-- What is being asked --
Transcribe the entries in full, keeping each word as it is.

-- Exercise data --
────────────────────────────────────────

(* G^m is normal in GL_n(F) and contains G_m: the determinant is a polynomial
   with integer coefficients in the entries, so det (1 + pi^m B) = 1 mod pi^m,
   and 1 + pi^m O_F is a group because every 1 + pi b with b in O_F is a unit
   of O_F.  Conversely, a normal subgroup H containing G_m contains the
   transvection 1 + pi^m E_ij, hence, conjugating by diagonal matrices, every
   transvection.  Gaussian elimination by transvections turns any invertible A
   into diag(1, ..., 1, det A), which lies in G_m when A lies in G^m; so A is
   in H. *)

From mathcomp Require Import all_boot all_algebra.
From mathcomp Require Import ring.
Set Implicit Arguments. Unset Strict Implicit. Unset Printing Implicit Defensive.
Import GRing.Theory.
Local Open Scope ring_scope.

Section Transvections.
Variables (F : fieldType) (n : nat).
Implicit Types (i j k r c : 'I_n) (t d : F) (B T : 'M[F]_n).

Definition transvection i j t : 'M[F]_n := 1%:M + t *: delta_mx i j.

Definition dilation i d : 'M[F]_n := 1%:M + (d - 1) *: delta_mx i i.

Lemma mul_add1_delta_mx i j t B r c :
  ((1%:M + t *: delta_mx i j) *m B) r c = B r c + (r == i)%:R * t * B j c.
Proof.
rewrite mulmxDl mul1mx -scalemxAl !mxE; congr (_ + _).
rewrite (bigD1 j) //= big1 ?addr0; last by move=> l /negPf nlj; rewrite mxE nlj andbF mul0r.
by rewrite mxE eqxx andbT mulrA [t * _]mulrC.
Qed.

Lemma transvection0 i j : transvection i j 0 = 1%:M.
Proof. by rewrite /transvection scale0r addr0. Qed.

Lemma det_transvection i j t : i != j -> \det (transvection i j t) = 1.
Proof.
wlog lt_ji : i j / (j < i)%N => [wlog_lt | nij].
  case: (ltngtP i j) => [lt_ij|lt_ji|/val_inj->]; last by rewrite eqxx.
    move=> _; rewrite -det_tr /transvection linearD linearZ /= trmx1 trmx_delta.
    by apply: (wlog_lt j i lt_ij); rewrite neq_ltn lt_ij orbT.
  exact: wlog_lt.
rewrite det_trig; last first.
  apply/is_trig_mxP => a b lt_ab; have /negPf nab : a != b by rewrite neq_ltn lt_ab.
  rewrite !mxE nab add0r.
  by case: (eqVneq a i) => [ai|]; case: (eqVneq b j) => [bj|];
    rewrite ?mulr0 ?addr0 //; move: lt_ab; rewrite ai bj ltnNge ltnW.
rewrite big1 // => l _; rewrite !mxE eqxx.
by case: (eqVneq l i) => [->|]; rewrite ?(negPf nij) ?mulr0 ?addr0.
Qed.

Lemma det_dilation i d : \det (dilation i d) = d.
Proof.
rewrite det_trig; last first.
  apply/is_trig_mxP => a b lt_ab; have /negPf nab : a != b by rewrite neq_ltn lt_ab.
  rewrite !mxE nab add0r; case: (eqVneq a i) => [ai|]; last by rewrite mulr0.
  by rewrite -ai eq_sym nab mulr0.
rewrite (bigD1 i) //= big1 ?mulr1; last first.
  by move=> l /negPf nli; rewrite !mxE eqxx nli /= mulr0 addr0.
by rewrite !mxE !eqxx /= mulr1 addrC subrK.
Qed.

Lemma dilation_transvection i j d t : i != j ->
  dilation i d *m transvection i j t = transvection i j (d * t) *m dilation i d.
Proof.
move=> nij; apply/matrixP => r c; rewrite !mul_add1_delta_mx !mxE.
case: (eqVneq r i) => [->|_]; last by rewrite /= !(mulr0, mul0r, addr0).
rewrite eqxx [c == i]eq_sym [c == j]eq_sym [j == i]eq_sym (negPf nij) /=.
ring.
Qed.

Inductive elementary : 'M[F]_n -> Prop :=
| elementary1 : elementary 1%:M
| elementaryT i j t T : i != j -> elementary T -> elementary (transvection i j t *m T).

Lemma elementary_transvection i j t : i != j -> elementary (transvection i j t).
Proof.
by move=> nij; rewrite -[transvection _ _ _]mulmx1; apply: elementaryT nij elementary1.
Qed.

Lemma elementaryM T1 T2 : elementary T1 -> elementary T2 -> elementary (T1 *m T2).
Proof.
move=> ET1 ET2; elim: ET1 => [|i j t T nij _ IH]; first by rewrite mul1mx.
by rewrite -mulmxA; apply: elementaryT.
Qed.

Lemma det_elementary T : elementary T -> \det T = 1.
Proof.
by elim=> [|i j t T1 nij _ IH]; rewrite ?det1 // det_mulmx IH det_transvection ?mulr1.
Qed.

Lemma elementary_unitmx T : elementary T -> T \in unitmx.
Proof. by move=> ET; rewrite unitmxE det_elementary ?unitr1. Qed.

Definition idmx_cols (k : nat) B := forall i j, (j < k)%N -> B i j = (i == j)%:R.

Lemma idmx_cols_transvection (k : nat) i j t B :
  (k <= j)%N -> idmx_cols k B -> idmx_cols k (transvection i j t *m B).
Proof.
move=> le_kj idB r c lt_ck; have /negPf njc : j != c.
  by rewrite neq_ltn (leq_trans lt_ck le_kj) orbT.
by rewrite mul_add1_delta_mx !idB // njc mulr0 addr0.
Qed.

Lemma idmx_cols_pivot k B : B \in unitmx -> idmx_cols k B ->
  exists2 i : 'I_n, (k <= i)%N & B i k != 0.
Proof.
move=> uB idB.
case: (pickP [pred i : 'I_n | (k <= i)%N && (B i k != 0)]) => [i /andP[]|no_pivot].
  by exists i.
pose w := col k B.
have wk0 j : (k <= j)%N -> B j k = 0.
  by move=> le_kj; move: (no_pivot j) => /=; rewrite le_kj => /negbFE/eqP.
have Bw : B *m w = w.
  apply/matrixP => r c; rewrite -[in RHS](mul1mx w) !mxE; apply: eq_bigr => j _.
  by rewrite !mxE; case: (ltnP j k) => [/idB->|/wk0->] //; rewrite !mulr0.
have := mulKmx uB (delta_mx k 0 - w); rewrite mulmxBr -colE Bw subrr mulmx0.
move/matrixP/(_ k 0); rewrite !mxE !eqxx wk0 // subr0 => /eqP.
by rewrite eq_sym oner_eq0.
Qed.

Lemma clear_column k B : B k k != 0 -> exists2 T, elementary T &
  forall r c, (T *m B) r c = B r c - (r != k)%:R * (B r k / B k k) * B k c.
Proof.
move=> Bkk0.
suff [T ET TB] : exists2 T, elementary T & forall r c,
    (T *m B) r c = B r c - ((r \in enum 'I_n) && (r != k))%:R * (B r k / B k k) * B k c.
  by exists T => // r c; rewrite TB mem_enum.
elim: (enum 'I_n) (enum_uniq 'I_n) => [_|i s IHs /andP[i_s /IHs[T ET TB]]].
  by exists 1%:M => [|r c]; [exact: elementary1 | rewrite mul1mx !mul0r subr0].
case: (eqVneq i k) => [-> | nik].
  exists T => // r c; rewrite TB in_cons.
  by case: (eqVneq r k) => [->|]; rewrite ?eqxx ?andbF.
exists (transvection i k (- (B i k / B k k)) *m T); first exact: elementaryT.
move=> r c; rewrite -mulmxA mul_add1_delta_mx !TB eqxx andbF !mul0r subr0 in_cons.
case: (eqVneq r i) => [->|_]; last by rewrite /= !mul0r addr0.
by rewrite (negPf i_s) nik /= !mul0r subr0 !mul1r mulNr.
Qed.

Lemma transvection_set_entry i r k B x : B i k != 0 ->
  (transvection r i ((x - B r k) / B i k) *m B) r k = x.
Proof. by move=> Bik0; rewrite mul_add1_delta_mx eqxx mul1r divfK // addrC subrK. Qed.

────────────────────────────────────────

-- Exercise output --
(* G^m is normal in GL_n(F) and contains G_m: the determinant is a polynomial
   with integer coefficients in the entries, so det (1 + pi^m B) = 1 mod pi^m,
   and 1 + pi^m O_F is a group because every 1 + pi b with b in O_F is a unit
   of O_F.  Conversely, a normal subgroup H containing G_m contains the
   transvection 1 + pi^m E_ij, hence, conjugating by diagonal matrices, every
   transvection.  Gaussian elimination by transvections turns any invertible A
   into diag(1, ..., 1, det A), which lies in G_m when A lies in G^m; so A is
   in H. *)

From mathcomp Require Import all_boot all_algebra.
From mathcomp Require Import ring.
Set Implicit Arguments. Unset Strict Implicit. Unset Printing Implicit Defensive.
Import GRing.Theory.
Local Open Scope ring_scope.

Section Transvections.
Variables (F : fieldType) (n : nat).
Implicit Types (i j k r c : 'I_n) (t d : F) (B T : 'M[F]_n).

Definition transvection i j t : 'M[F]_n := 1%:M + t *: delta_mx i j.

Definition dilation i d : 'M[F]_n := 1%:M + (d - 1) *: delta_mx i i.

Lemma mul_add1_delta_mx i j t B r c :
  ((1%:M + t *: delta_mx i j) *m B) r c = B r c + (r == i)%:R * t * B j c.
Proof.
rewrite mulmxDl mul1mx -scalemxAl !mxE; congr (_ + _).
rewrite (bigD1 j) //= big1 ?addr0; last by move=> l /negPf nlj; rewrite mxE nlj andbF mul0r.
by rewrite mxE eqxx andbT mulrA [t * _]mulrC.
Qed.

Lemma transvection0 i j : transvection i j 0 = 1%:M.
Proof. by rewrite /transvection scale0r addr0. Qed.

Lemma det_transvection i j t : i != j -> \det (transvection i j t) = 1.
Proof.
wlog lt_ji : i j / (j < i)%N => [wlog_lt | nij].
  case: (ltngtP i j) => [lt_ij|lt_ji|/val_inj->]; last by rewrite eqxx.
    move=> _; rewrite -det_tr /transvection linearD linearZ /= trmx1 trmx_delta.
    by apply: (wlog_lt j i lt_ij); rewrite neq_ltn lt_ij orbT.
  exact: wlog_lt.
rewrite det_trig; last first.
  apply/is_trig_mxP => a b lt_ab; have /negPf nab : a != b by rewrite neq_ltn lt_ab.
  rewrite !mxE nab add0r.
  by case: (eqVneq a i) => [ai|]; case: (eqVneq b j) => [bj|];
    rewrite ?mulr0 ?addr0 //; move: lt_ab; rewrite ai bj ltnNge ltnW.
rewrite big1 // => l _; rewrite !mxE eqxx.
by case: (eqVneq l i) => [->|]; rewrite ?(negPf nij) ?mulr0 ?addr0.
Qed.

Lemma det_dilation i d : \det (dilation i d) = d.
Proof.
rewrite det_trig; last first.
  apply/is_trig_mxP => a b lt_ab; have /negPf nab : a != b by rewrite neq_ltn lt_ab.
  rewrite !mxE nab add0r; case: (eqVneq a i) => [ai|]; last by rewrite mulr0.
  by rewrite -ai eq_sym nab mulr0.
rewrite (bigD1 i) //= big1 ?mulr1; last first.
  by move=> l /negPf nli; rewrite !mxE eqxx nli /= mulr0 addr0.
by rewrite !mxE !eqxx /= mulr1 addrC subrK.
Qed.

Lemma dilation_transvection i j d t : i != j ->
  dilation i d *m transvection i j t = transvection i j (d * t) *m dilation i d.
Proof.
move=> nij; apply/matrixP => r c; rewrite !mul_add1_delta_mx !mxE.
case: (eqVneq r i) => [->|_]; last by rewrite /= !(mulr0, mul0r, addr0).
rewrite eqxx [c == i]eq_sym [c == j]eq_sym [j == i]eq_sym (negPf nij) /=.
ring.
Qed.

Inductive elementary : 'M[F]_n -> Prop :=
| elementary1 : elementary 1%:M
| elementaryT i j t T : i != j -> elementary T -> elementary (transvection i j t *m T).

Lemma elementary_transvection i j t : i != j -> elementary (transvection i j t).
Proof.
by move=> nij; rewrite -[transvection _ _ _]mulmx1; apply: elementaryT nij elementary1.
Qed.

Lemma elementaryM T1 T2 : elementary T1 -> elementary T2 -> elementary (T1 *m T2).
Proof.
move=> ET1 ET2; elim: ET1 => [|i j t T nij _ IH]; first by rewrite mul1mx.
by rewrite -mulmxA; apply: elementaryT.
Qed.

Lemma det_elementary T : elementary T -> \det T = 1.
Proof.
by elim=> [|i j t T1 nij _ IH]; rewrite ?det1 // det_mulmx IH det_transvection ?mulr1.
Qed.

Lemma elementary_unitmx T : elementary T -> T \in unitmx.
Proof. by move=> ET; rewrite unitmxE det_elementary ?unitr1. Qed.

Definition idmx_cols (k : nat) B := forall i j, (j < k)%N -> B i j = (i == j)%:R.

Lemma idmx_cols_transvection (k : nat) i j t B :
  (k <= j)%N -> idmx_cols k B -> idmx_cols k (transvection i j t *m B).
Proof.
move=> le_kj idB r c lt_ck; have /negPf njc : j != c.
  by rewrite neq_ltn (leq_trans lt_ck le_kj) orbT.
by rewrite mul_add1_delta_mx !idB // njc mulr0 addr0.
Qed.

Lemma idmx_cols_pivot k B : B \in unitmx -> idmx_cols k B ->
  exists2 i : 'I_n, (k <= i)%N & B i k != 0.
Proof.
move=> uB idB.
case: (pickP [pred i : 'I_n | (k <= i)%N && (B i k != 0)]) => [i /andP[]|no_pivot].
  by exists i.
pose w := col k B.
have wk0 j : (k <= j)%N -> B j k = 0.
  by move=> le_kj; move: (no_pivot j) => /=; rewrite le_kj => /negbFE/eqP.
have Bw : B *m w = w.
  apply/matrixP => r c; rewrite -[in RHS](mul1mx w) !mxE; apply: eq_bigr => j _.
  by rewrite !mxE; case: (ltnP j k) => [/idB->|/wk0->] //; rewrite !mulr0.
have := mulKmx uB (delta_mx k 0 - w); rewrite mulmxBr -colE Bw subrr mulmx0.
move/matrixP/(_ k 0); rewrite !mxE !eqxx wk0 // subr0 => /eqP.
by rewrite eq_sym oner_eq0.
Qed.

Lemma clear_column k B : B k k != 0 -> exists2 T, elementary T &
  forall r c, (T *m B) r c = B r c - (r != k)%:R * (B r k / B k k) * B k c.
Proof.
move=> Bkk0.
suff [T ET TB] : exists2 T, elementary T & forall r c,
    (T *m B) r c = B r c - ((r \in enum 'I_n) && (r != k))%:R * (B r k / B k k) * B k c.
  by exists T => // r c; rewrite TB mem_enum.
elim: (enum 'I_n) (enum_uniq 'I_n) => [_|i s IHs /andP[i_s /IHs[T ET TB]]].
  by exists 1%:M => [|r c]; [exact: elementary1 | rewrite mul1mx !mul0r subr0].
case: (eqVneq i k) => [-> | nik].
  exists T => // r c; rewrite TB in_cons.
  by case: (eqVneq r k) => [->|]; rewrite ?eqxx ?andbF.
exists (transvection i k (- (B i k / B k k)) *m T); first exact: elementaryT.
move=> r c; rewrite -mulmxA mul_add1_delta_mx !TB eqxx andbF !mul0r subr0 in_cons.
case: (eqVneq r i) => [->|_]; last by rewrite /= !mul0r addr0.
by rewrite (negPf i_s) nik /= !mul0r subr0 !mul1r mulNr.
Qed.

Lemma transvection_set_entry i r k B x : B i k != 0 ->
  (transvection r i ((x - B r k) / B i k) *m B) r k = x.
Proof. by move=> Bik0; rewrite mul_add1_delta_mx eqxx mul1r divfK // addrC subrK. Qed.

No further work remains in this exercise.